Airbus : de « bons résultats » mais un contexte encore « incertain »
C'est le genre de signaux que l'écosystème aéronautique régional scrute avec la plus grande attention. Le groupe toulousain Airbus, touché de plein fouet par les effets de la crise sanitaire, publie le 29 avril ses résultats consolidés pour le premier trimestre, clos le 31 mars dernier.

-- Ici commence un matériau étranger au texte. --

(* Any $\omega$-recognizable preorder $\preceq$ on $\Sigma^\omega$ can be embedded into an $\omega$-recognizable total preorder $\preceq'$ (i.e., $\preceq\subseteq\preceq'$). Moreover, for all $x,y\in\Sigma^\omega$, if $x\bowtie y$ then $x\bowtie' y$, for each $\bowtie\in\{\preceq,\prec,\succeq,\succ,\sim\}$, where $\bowtie'$ denotes the corresponding relation derived from $\preceq'$.
   Context: A relation on $\Sigma^\omega$ is $\omega$-recognizable if it equals $\bigcup_{k=1}^{\ell}X_k\times Y_k$ with $X_k,Y_k$ $\omega$-regular. A preorder is reflexive and transitive; it is total if for all $x,y$, $x\preceq y$ or $y\preceq x$. From a preorder $\preceq$: $x\succeq y$ iff $y\preceq x$; $x\prec y$ iff $x\preceq y$ and $y\not\preceq x$; $x\succ y$ iff $y\prec x$; $x\sim y$ iff $x\preceq y$ and $y\preceq x$. *)

From mathcomp Require Import all_boot.
Set Implicit Arguments. Unset Strict Implicit. Unset Printing Implicit Defensive.

Definition oword (Sigma : finType) := nat -> Sigma.

Record buchi (Sigma : finType) := Buchi {
  b_size : nat;
  b_init : {set 'I_b_size};
  b_delta : 'I_b_size -> Sigma -> {set 'I_b_size};
  b_acc : {set 'I_b_size} }.

Definition buchi_accepts (Sigma : finType) (A : buchi Sigma) (w : oword Sigma) : Prop :=
  exists r : nat -> 'I_(b_size A),
    r 0 \in @b_init _ A /\
    (forall i, r i.+1 \in @b_delta _ A (r i) (w i)) /\
    (forall i, exists j, i <= j /\ r j \in @b_acc _ A).

Definition omega_regular (Sigma : finType) (L : oword Sigma -> Prop) : Prop :=
  exists A : buchi Sigma, forall w, L w <-> buchi_accepts A w.

Definition omega_recognizable (Sigma : finType)
    (R : oword Sigma -> oword Sigma -> Prop) : Prop :=
  exists (l : nat) (X Y : nat -> oword Sigma -> Prop),
    (forall k, k < l -> omega_regular (X k) /\ omega_regular (Y k)) /\
    (forall x y, R x y <-> exists k, k < l /\ X k x /\ Y k y).

Definition preorder_rel (T : Type) (R : T -> T -> Prop) : Prop :=
  (forall x, R x x) /\ (forall x y z, R x y -> R y z -> R x z).

Definition total_rel (T : Type) (R : T -> T -> Prop) : Prop :=
  forall x y, R x y \/ R y x.

Definition rel_ge (T : Type) (R : T -> T -> Prop) (x y : T) : Prop := R y x.
Definition rel_lt (T : Type) (R : T -> T -> Prop) (x y : T) : Prop := R x y /\ ~ R y x.
Definition rel_gt (T : Type) (R : T -> T -> Prop) (x y : T) : Prop := rel_lt R y x.
Definition rel_sim (T : Type) (R : T -> T -> Prop) (x y : T) : Prop := R x y /\ R y x.

From mathcomp Require Import all_boot.
From mathcomp Require Import boolp zify.
Set Implicit Arguments. Unset Strict Implicit. Unset Printing Implicit Defensive.

(* Write the preorder as a union of rectangles X_k x Y_k, k < l, and rank x by
   the number of indices k such that Y_k meets the down-set of x.  The rank is
   monotone, and strictly so on strict pairs: if x < x', the index k with
   x' in X_k and x' in Y_k counts for x' but not for x.  So comparing ranks is a
   total preorder extending the given one and preserving strictness.  It is
   recognizable because, for any monotone f, the set {x | f x <= j} is the
   union of those X_k whose partner Y_k contains some x0 with f x0 <= j, and
   dually for {y | j <= f y}: each side of the resulting rectangles is an X_k,
   a Y_k or empty. *)

Section RectangularPreorder.

Variables (T : Type) (R : T -> T -> Prop) (l : nat) (X Y : nat -> T -> Prop).
Hypothesis R_rect : forall x y, R x y <-> exists k, k < l /\ X k x /\ Y k y.
Hypothesis R_refl : forall x, R x x.

Lemma rect_diag x : exists k, k < l /\ X k x /\ Y k x.
Proof. exact/R_rect. Qed.

Section MonotoneFunction.

Variable f : T -> nat.
Hypothesis f_mono : forall x y, R x y -> f x <= f y.

Lemma monotone_leq_cover j x :
  f x <= j <-> exists k, k < l /\ X k x /\ exists x0, Y k x0 /\ f x0 <= j.
Proof.
split=> [fx_le | [k [lt_k [Xx [x0 [Yx0 fx0_le]]]]]].
  have [k [lt_k [Xx Yx]]] := rect_diag x.
  by exists k; do 2!split=> //; exists x.
by apply: leq_trans fx0_le; apply/f_mono/R_rect; exists k.
Qed.

Lemma monotone_geq_cover j y :
  j <= f y <-> exists k, k < l /\ Y k y /\ exists y0, X k y0 /\ j <= f y0.
Proof.
split=> [le_fy | [k [lt_k [Yy [y0 [Xy0 le_fy0]]]]]].
  have [k [lt_k [Xy Yy]]] := rect_diag y.
  by exists k; do 2!split=> //; exists y.
by apply: leq_trans le_fy0 _; apply/f_mono/R_rect; exists k.
Qed.

End MonotoneFunction.

Hypothesis R_trans : forall x y z, R x y -> R y z -> R x z.

Definition downset_indices x : {set 'I_l} :=
  [set k : 'I_l | `[< exists y, Y k y /\ R y x >]].

Definition rank x := #|downset_indices x|.

Lemma downset_indices_sub x x' :
  R x x' -> downset_indices x \subset downset_indices x'.
Proof.
move=> Rxx'; apply/subsetP => k; rewrite !inE => /asboolP [y [Yy Ryx]].
by apply/asboolP; exists y; split=> //; apply: R_trans Rxx'.
Qed.

Lemma rank_le x x' : R x x' -> rank x <= rank x'.
Proof. by move/downset_indices_sub/subset_leq_card. Qed.

Lemma rank_lt x x' : R x x' -> ~ R x' x -> rank x < rank x'.
Proof.
move=> Rxx' nRx'x; apply/proper_card; rewrite properE downset_indices_sub //=.
have [k [lt_k [Xx' Yx']]] := rect_diag x'.
apply/subsetPn; exists (Ordinal lt_k); rewrite inE.
  by apply/asboolP; exists x'.
apply/asboolP => - [y [Yy Ryx]]; apply: nRx'x.
by apply: R_trans Ryx; apply/R_rect; exists k.
Qed.

Lemma rank_bound x : rank x < l.+1.
Proof. by rewrite ltnS -[leqRHS]card_ord max_card. Qed.

End RectangularPreorder.

Section OmegaRecognizable.

Variable Sigma : finType.

Lemma omega_regular_ext (L L' : oword Sigma -> Prop) :
  (forall w, L w <-> L' w) -> omega_regular L -> omega_regular L'.
Proof. by move=> eqL [A accA]; exists A => w; rewrite -eqL. Qed.

Lemma omega_regular0 : omega_regular (fun _ : oword Sigma => False).
Proof.
exists (@Buchi Sigma 1 set0 (fun _ _ => set0) set0) => w; split=> //.
by case=> r []; rewrite inE.
Qed.

Lemma omega_regular_guard (P : Prop) (L : oword Sigma -> Prop) :
  omega_regular L -> omega_regular (fun w => P /\ L w).
Proof.
case: (pselect P) => [p | np] regL.
  by apply: omega_regular_ext regL => w; split=> [|[]].
by apply: omega_regular_ext omega_regular0 => w; split=> [|[]].
Qed.

Lemma omega_recognizable_ext (R R' : oword Sigma -> oword Sigma -> Prop) :
  (forall x y, R x y <-> R' x y) -> omega_recognizable R -> omega_recognizable R'.
Proof.
move=> eqR [l [X [Y [regXY R_rect]]]].
by exists l, X, Y; split=> // x y; rewrite -eqR.
Qed.

Lemma omega_recognizable0 : omega_recognizable (fun _ _ : oword Sigma => False).
Proof.
by exists 0, (fun _ _ => False), (fun _ _ => False); split=> // x y; split=> // -[k []].
Qed.

Lemma omega_recognizable_rect (A B : oword Sigma -> Prop) :
  omega_regular A -> omega_regular B -> omega_recognizable (fun x y => A x /\ B y).
Proof.
move=> regA regB; exists 1, (fun _ => A), (fun _ => B); split=> // x y.
by split=> [ABxy | [k [_ ABxy]]]; first exists 0.
Qed.

Lemma omega_recognizable_union (R1 R2 : oword Sigma -> oword Sigma -> Prop) :
  omega_recognizable R1 -> omega_recognizable R2 ->
  omega_recognizable (fun x y => R1 x y \/ R2 x y).
Proof.
move=> [l1 [X1 [Y1 [reg1 rect1]]]] [l2 [X2 [Y2 [reg2 rect2]]]].
pose glue (Z1 Z2 : nat -> oword Sigma -> Prop) k :=
  if k < l1 then Z1 k else Z2 (k - l1).
exists (l1 + l2), (glue X1 X2), (glue Y1 Y2); split.
  move=> k lt_k; rewrite /glue; case: ltnP => [/reg1 // | le_k].
  by apply: reg2; lia.
move=> x y; rewrite rect1 rect2 /glue; split.
  case=> [[k [lt_k XYk]] | [k [lt_k XYk]]].
    by exists k; rewrite lt_k; split=> //; lia.
  exists (l1 + k); have -> : (l1 + k < l1) = false by lia.
  by rewrite addKn; split=> //; lia.
case=> k [lt_k]; case: ltnP => [lt_k1 XYk | le_k XYk]; first by left; exists k.
by right; exists (k - l1); split=> //; lia.
Qed.

Lemma omega_recognizable_bigcup n (Rj : nat -> oword Sigma -> oword Sigma -> Prop) :
  (forall j, j < n -> omega_recognizable (Rj j)) ->
  omega_recognizable (fun x y => exists j, j < n /\ Rj j x y).
Proof.
elim: n => [_ | n IHn recR].
  by apply: omega_recognizable_ext omega_recognizable0 => x y; split=> // -[j []].
apply: omega_recognizable_ext
  (omega_recognizable_union (IHn (fun j lt_j => recR j (ltnW lt_j))) (recR n _)) => // x y.
split=> [[[j [lt_j Rxy]] | Rxy] | [j []]]; first by exists j; split=> //; lia.
  by exists n.
by rewrite ltnS leq_eqVlt => /orP[/eqP-> | lt_j] Rxy; [right | left; exists j].
Qed.

Lemma omega_recognizable_monotone_order (R : oword Sigma -> oword Sigma -> Prop)
    l (X Y : nat -> oword Sigma -> Prop) (f : oword Sigma -> nat) N :
  (forall k, k < l -> omega_regular (X k) /\ omega_regular (Y k)) ->
  (forall x y, R x y <-> exists k, k < l /\ X k x /\ Y k y) ->
  (forall x, R x x) -> (forall x y, R x y -> f x <= f y) -> (forall x, f x < N) ->
  omega_recognizable (fun x y => f x <= f y).
Proof.
move=> regXY R_rect R_refl f_mono f_bound.
have cover_le := monotone_leq_cover R_rect R_refl f_mono.
have cover_ge := monotone_geq_cover R_rect R_refl f_mono.
pose side j k k' x y := ((exists x0, Y k x0 /\ f x0 <= j) /\ X k x) /\
                        ((exists y0, X k' y0 /\ j <= f y0) /\ Y k' y).
apply: (@omega_recognizable_ext
  (fun x y => exists j, j < N /\ exists k, k < l /\ exists k', k' < l /\ side j k k' x y)).
  move=> x y; split=> [[j [_ [k [lt_k [k' [lt_k' [[Yx0 Xx] [Xy0 Yy]]]]]]]] | le_fxy].
    have le_fx : f x <= j by apply/cover_le; exists k.
    have ge_fy : j <= f y by apply/cover_ge; exists k'.
    exact: leq_trans ge_fy.
  have [k [lt_k [Xx Yx0]]] := (cover_le _ x).1 (leqnn _).
  have [k' [lt_k' [Yy Xy0]]] := (cover_ge _ y).1 le_fxy.
  by exists (f x); split=> //; exists k; split=> //; exists k'.
apply: omega_recognizable_bigcup => j _; apply: omega_recognizable_bigcup => k lt_k.
apply: omega_recognizable_bigcup => k' lt_k'.
by apply: omega_recognizable_rect; apply: omega_regular_guard;
  [apply: (regXY k lt_k).1 | apply: (regXY k' lt_k').2].
Qed.

End OmegaRecognizable.

Theorem proposition12 (Sigma : finType) (R : oword Sigma -> oword Sigma -> Prop) :
  omega_recognizable R -> preorder_rel R ->
  exists R' : oword Sigma -> oword Sigma -> Prop,
    omega_recognizable R' /\ preorder_rel R' /\ total_rel R' /\
    (forall x y, R x y -> R' x y) /\
    (forall x y, R x y -> R' x y) /\
    (forall x y, rel_lt R x y -> rel_lt R' x y) /\
    (forall x y, rel_ge R x y -> rel_ge R' x y) /\
    (forall x y, rel_gt R x y -> rel_gt R' x y) /\
    (forall x y, rel_sim R x y -> rel_sim R' x y).
Proof.
move=> [l [X [Y [regXY R_rect]]]] [R_refl R_trans].
pose r := rank R l Y.
have r_le x y : R x y -> r x <= r y by apply: rank_le.
have r_lt x y : rel_lt R x y -> rel_lt (fun x y => r x <= r y) x y.
  move=> [Rxy /(rank_lt R_rect R_refl R_trans Rxy) lt_r].
  by split; [exact: ltnW | apply/negP; rewrite -ltnNge].
exists (fun x y => r x <= r y); split.
  exact: omega_recognizable_monotone_order regXY R_rect R_refl r_le (rank_bound R l Y).
split; first by split=> [x | x y z]; lia.
split; first by move=> x y; lia.
split; first exact: r_le.
split; first exact: r_le.
split; first exact: r_lt.
split; first by move=> x y /r_le.
split; first by move=> x y /r_lt.
by move=> x y [/r_le ? /r_le ?].
Qed.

Avec un chiffre d'affaires stable à 10,5 Md€, un Ebit ajusté en augmentation - porté à près de 700 M€ -, un bénéfice net de 362 M€ (contre – 481 M€ au premier trimestre 2020) et une position de trésorerie nette elle aussi en hausse, à 5,6 Md€, l'optimisme est au rendez-vous. « Les bons résultats du trimestre reflètent principalement nos livraisons d’avions commerciaux, la réduction des coûts et les mesures de sauvegarde de la trésorerie, l’avancement du plan de restructuration et les contributions positives de nos activités hélicoptères, défense et spatial », estime Guillaume Faury, président exécutif.
Une crise qui se poursuit
Néanmoins, si le capitaine d'industrie assure investir « dans l’innovation et la transformation de notre entreprise afin de concrétiser nos ambitions de long terme », il note qu'en ce début d'année, « notre secteur n’a pas encore surmonté la crise » et que « le contexte de marché demeure incertain ». Preuve en est, le nombre de commandes brutes d'avions enregistré au cours des trois premiers mois de l'année : seulement 38, à comparer aux 356 du premier trimestre 2020. Plus encore, après prise en compte des annulations, le nombre de commandes nettes d'avions commerciaux s'est établi à – 61, contre 290 au premier trimestre 2020. Les marchés des hélicoptères, du spatial et de la Défense se positionnent en revanche de façon plus favorable. Par ailleurs, les livraisons d'avions commerciaux, elles, suivent un rythme soutenu (125, contre 122 l'an dernier). Pour cet exercice 2021, Airbus s'est fixé plusieurs objectifs : livrer au moins le même nombre d'avions que l'année dernière, équilibrer son flux de trésorerie disponible et placer son Ebit ajusté à 2 Md€.